SUMMARY PARAGRAPH for FAT1
In order for yeast to utilize fatty acids, either as an energy source (via beta-oxidation) or for essential processes such as phospholipid biosynthesis and protein myristoylation, the fatty acids must first be converted into activated intermediates, acyl-CoAs, through thioesterification of fatty acids with coenzyme A. When fatty acids are synthesized de novo, activation is part of the process of synthesis and is accomplished by the same fatty acid synthetase complex (Fas1p-Fas2p) that initiates and elongates the fatty acid chain.

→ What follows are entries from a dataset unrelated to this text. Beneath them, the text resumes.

(* The class of trapezoid graphs, and the class of permutation graphs, each contain a graph that is not a pairwise compatibility graph; i.e., neither class is contained in PCG.
   Context: All graphs are finite and simple. A graph $G=(V,E)$ is a pairwise compatibility graph (PCG) if there exist a tree $T$ with non-negative real edge weights, whose set of leaves is exactly $V$, and two non-negative real numbers $d_{min}\le d_{max}$ such that for all distinct $u,v\in V$, $(u,v)\in E$ if and only if $d_{min}\le d_T(u,v)\le d_{max}$, where $d_T(u,v)$ is the sum of the weights of the edges on the unique path from $u$ to $v$ in $T$. A trapezoid graph is the intersection graph of a family of trapezoids lying between two fixed parallel lines (each trapezoid having one side on each line). A permutation graph is the intersection graph of a family of straight line segments each joining a point of one fixed line to a point of a second fixed parallel line. *)

From HB Require Import structures.
From mathcomp Require Import all_boot all_order all_algebra.
From mathcomp Require Import Rstruct.
From Stdlib Require Import Rdefinitions.
Set Implicit Arguments.
Unset Strict Implicit.
Unset Printing Implicit Defensive.
Import Order.TTheory GRing.Theory Num.Theory.
Local Open Scope ring_scope.

Definition simple_graph (V : finType) (E : rel V) : Prop :=
  irreflexive E /\ symmetric E.

Definition simple_path (U : finType) (t : rel U) (x : U) (p : seq U) (y : U) : bool :=
  [&& path t x p, last x p == y & uniq (x :: p)].

(* A tree: a simple graph in which any two vertices are joined by exactly one
   simple path (equivalently: connected and acyclic). *)
Definition is_tree (U : finType) (t : rel U) : Prop :=
  simple_graph t /\ forall x y : U, exists! p : seq U, simple_path t x p y.

(* Leaf of a tree: vertex of degree at most 1 (degree 0 only occurs in the
   one-vertex tree, whose unique vertex is a leaf). *)
Definition is_leaf (U : finType) (t : rel U) (x : U) : bool :=
  leq #|[set y | t x y]| 1.

Fixpoint path_weight (U : Type) (w : U -> U -> R) (x : U) (p : seq U) : R :=
  match p with
  | [::] => 0
  | y :: p' => w x y + path_weight w y p'
  end.

(* G = (V, E) is a PCG if there is an edge-weighted tree (vertex type U, edge
   relation t, non-negative symmetric weights w) whose leaves are exactly the
   vertices of V (identified via the injection f : V -> U whose image is the set
   of leaves), and reals 0 <= dmin <= dmax such that for distinct u, v,
   uv is an edge iff dmin <= d_T(u, v) <= dmax, where d_T(u, v) is the weight of
   the (unique) simple path from f u to f v. *)
Definition PCG (V : finType) (E : rel V) : Prop :=
  exists (U : finType) (t : rel U) (w : U -> U -> R) (f : V -> U) (dmin dmax : R),
    [/\ is_tree t,
        (forall x y, 0 <= w x y) /\ (forall x y, w x y = w y x),
        injective f /\ (forall x : U, (exists v, f v = x) <-> is_leaf t x),
        0 <= dmin /\ dmin <= dmax &
        forall u v : V, u != v -> forall p : seq U, simple_path t (f u) p (f v) ->
          (E u v <-> (dmin <= path_weight w (f u) p /\ path_weight w (f u) p <= dmax))].

(* Two parallel lines y = 1 (top) and y = 0 (bottom).  The trapezoid with top
   side [a, b] x {1} and bottom side [c, d] x {0} (a < b, c < d) is the set of
   points (x, s), 0 <= s <= 1, with s*a + (1-s)*c <= x <= s*b + (1-s)*d. *)
Definition in_trapezoid (a b c d : R) (x s : R) : Prop :=
  0 <= s /\ s <= 1 /\
  s * a + (1 - s) * c <= x /\ x <= s * b + (1 - s) * d.

Definition trapezoid_graph (V : finType) (E : rel V) : Prop :=
  exists a b c d : V -> R,
    (forall v, a v < b v /\ c v < d v) /\
    forall u v : V, u != v ->
      (E u v <-> exists x s : R,
         in_trapezoid (a u) (b u) (c u) (d u) x s /\
         in_trapezoid (a v) (b v) (c v) (d v) x s).

(* Segment joining (p v, 1) to (q v, 0): the points (s*p v + (1-s)*q v, s),
   0 <= s <= 1.  Edges = pairs of distinct intersecting segments. *)
Definition in_segment (p q : R) (x s : R) : Prop :=
  0 <= s /\ s <= 1 /\ x = s * p + (1 - s) * q.

Definition permutation_graph (V : finType) (E : rel V) : Prop :=
  exists p q : V -> R,
    forall u v : V, u != v ->
      (E u v <-> exists x s : R,
         in_segment (p u) (q u) x s /\ in_segment (p v) (q v) x s).

(* Path lengths [d] in an edge-weighted tree satisfy the four-point condition: the sum
   d(u,v) + d(x,y) never exceeds both d(u,x) + d(v,y) and d(u,y) + d(v,x).  In a PCG with
   window [dmin, dmax], an induced 2K2 with edges uv, xy therefore has a non-edge longer than
   dmax (if all four non-edges were shorter than dmin, d(u,v) + d(x,y) >= 2 dmin would exceed
   both sums).  Two such long pairs taken from two completely joined copies of 2K2 contradict
   the four-point condition once more, because the four joining edges have length at most dmax.
   The join of two copies of 2K2 is the inversion graph of a permutation, hence a permutation
   graph; as its segments have integer endpoints, thickening them into trapezoids of width 1/2
   creates no new intersections. *)

From Stdlib Require Import Rdefinitions.
From mathcomp Require Import all_boot all_order all_algebra.
From mathcomp Require Import Rstruct ring lra.
Set Implicit Arguments.
Unset Strict Implicit.
Unset Printing Implicit Defensive.
Import Order.TTheory GRing.Theory Num.Theory.
Local Open Scope ring_scope.

Section LongestCommonPrefix.
Variable T : eqType.

Fixpoint lcp (p q : seq T) : nat :=
  match p, q with
  | x :: p', y :: q' => if x == y then (lcp p' q').+1 else 0%N
  | _, _ => 0%N
  end.

Lemma lcp_take p q : take (lcp p q) p = take (lcp p q) q.
Proof.
by elim: p q => [|x p IHp] [|y q] //=; case: eqP => [->|] //=; rewrite IHp.
Qed.

Lemma lcp_max p q n : (n <= size p)%N -> take n p = take n q -> (n <= lcp p q)%N.
Proof.
elim: p q n => [|x p IHp] [|y q] [|n] //= n_le [-> eq_pq].
by rewrite eqxx ltnS; exact: IHp.
Qed.

Lemma lcp_ultra p q r : (minn (lcp p r) (lcp p q) <= lcp q r)%N.
Proof.
elim: p q r => [|x p IHp] [|y q] [|z r] //=; rewrite ?minn0 ?min0n //.
have [-> {x}|_] := eqVneq x z; have [_|_] := eqVneq z y;
  rewrite /= ?minn0 ?min0n //.
by rewrite minnSS ltnS.
Qed.

End LongestCommonPrefix.

Section PathWeight.
Variables (U : Type) (w : U -> U -> R).
Hypothesis w_ge0 : forall x y, 0 <= w x y.
Hypothesis w_sym : forall x y, w x y = w y x.
Local Notation W := (path_weight w).

(* [path_weight] is computed with Stdlib's [Rplus]; restate it with the ring operations. *)
Lemma path_weight_nil a : W a [::] = 0.
Proof. by []. Qed.

Lemma path_weight_cons a y p : W a (y :: p) = w a y + W y p.
Proof. by []. Qed.

Lemma path_weight_cat a p q : W a (p ++ q) = W a p + W (last a p) q.
Proof.
elim: p a => [|y p IHp] a; first by rewrite path_weight_nil add0r.
by rewrite cat_cons !path_weight_cons IHp addrA.
Qed.

Lemma path_weight_ge0 a p : 0 <= W a p.
Proof.
by elim: p a => [|y p IHp] a; rewrite ?path_weight_nil ?path_weight_cons ?addr_ge0.
Qed.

However, yeast cells can also utilize exogenous, imported fatty acids, an ability that becomes essential if the fatty acid synthetase complex is inactivated by mutation or specific inhibitors such as cerulenin. These exogenous fatty acids are activated by one of five characterized yeast acyl-CoA synthetases: Faa1p, Faa2p, Faa3p, Faa4p, or Fat1p (see 6 and 7 for review).
FAT1 encodes an acyl-CoA synthetase required for both the import of long chain fatty acids (C14-C18) and the activation very long chain fatty acids (C20-C26) (2, 1, 8, 4). Disruption of FAT1 results in a decrease in the uptake of fatty acids, as measured by the import of fluorescently labeled long-chain fatty acid analogues and [3H]oleate (2, 3). fat1 deletion mutants also accumulate very long chain fatty acids (e.g. lignoceric acid (C24:0)) and exhibit decreased activation of these fatty acids (1, 8). Examination of a series of fat1 mutant alleles showed that these transport and fatty acyl-CoA synthetase defects are genetically separable and are thus independent activities (4).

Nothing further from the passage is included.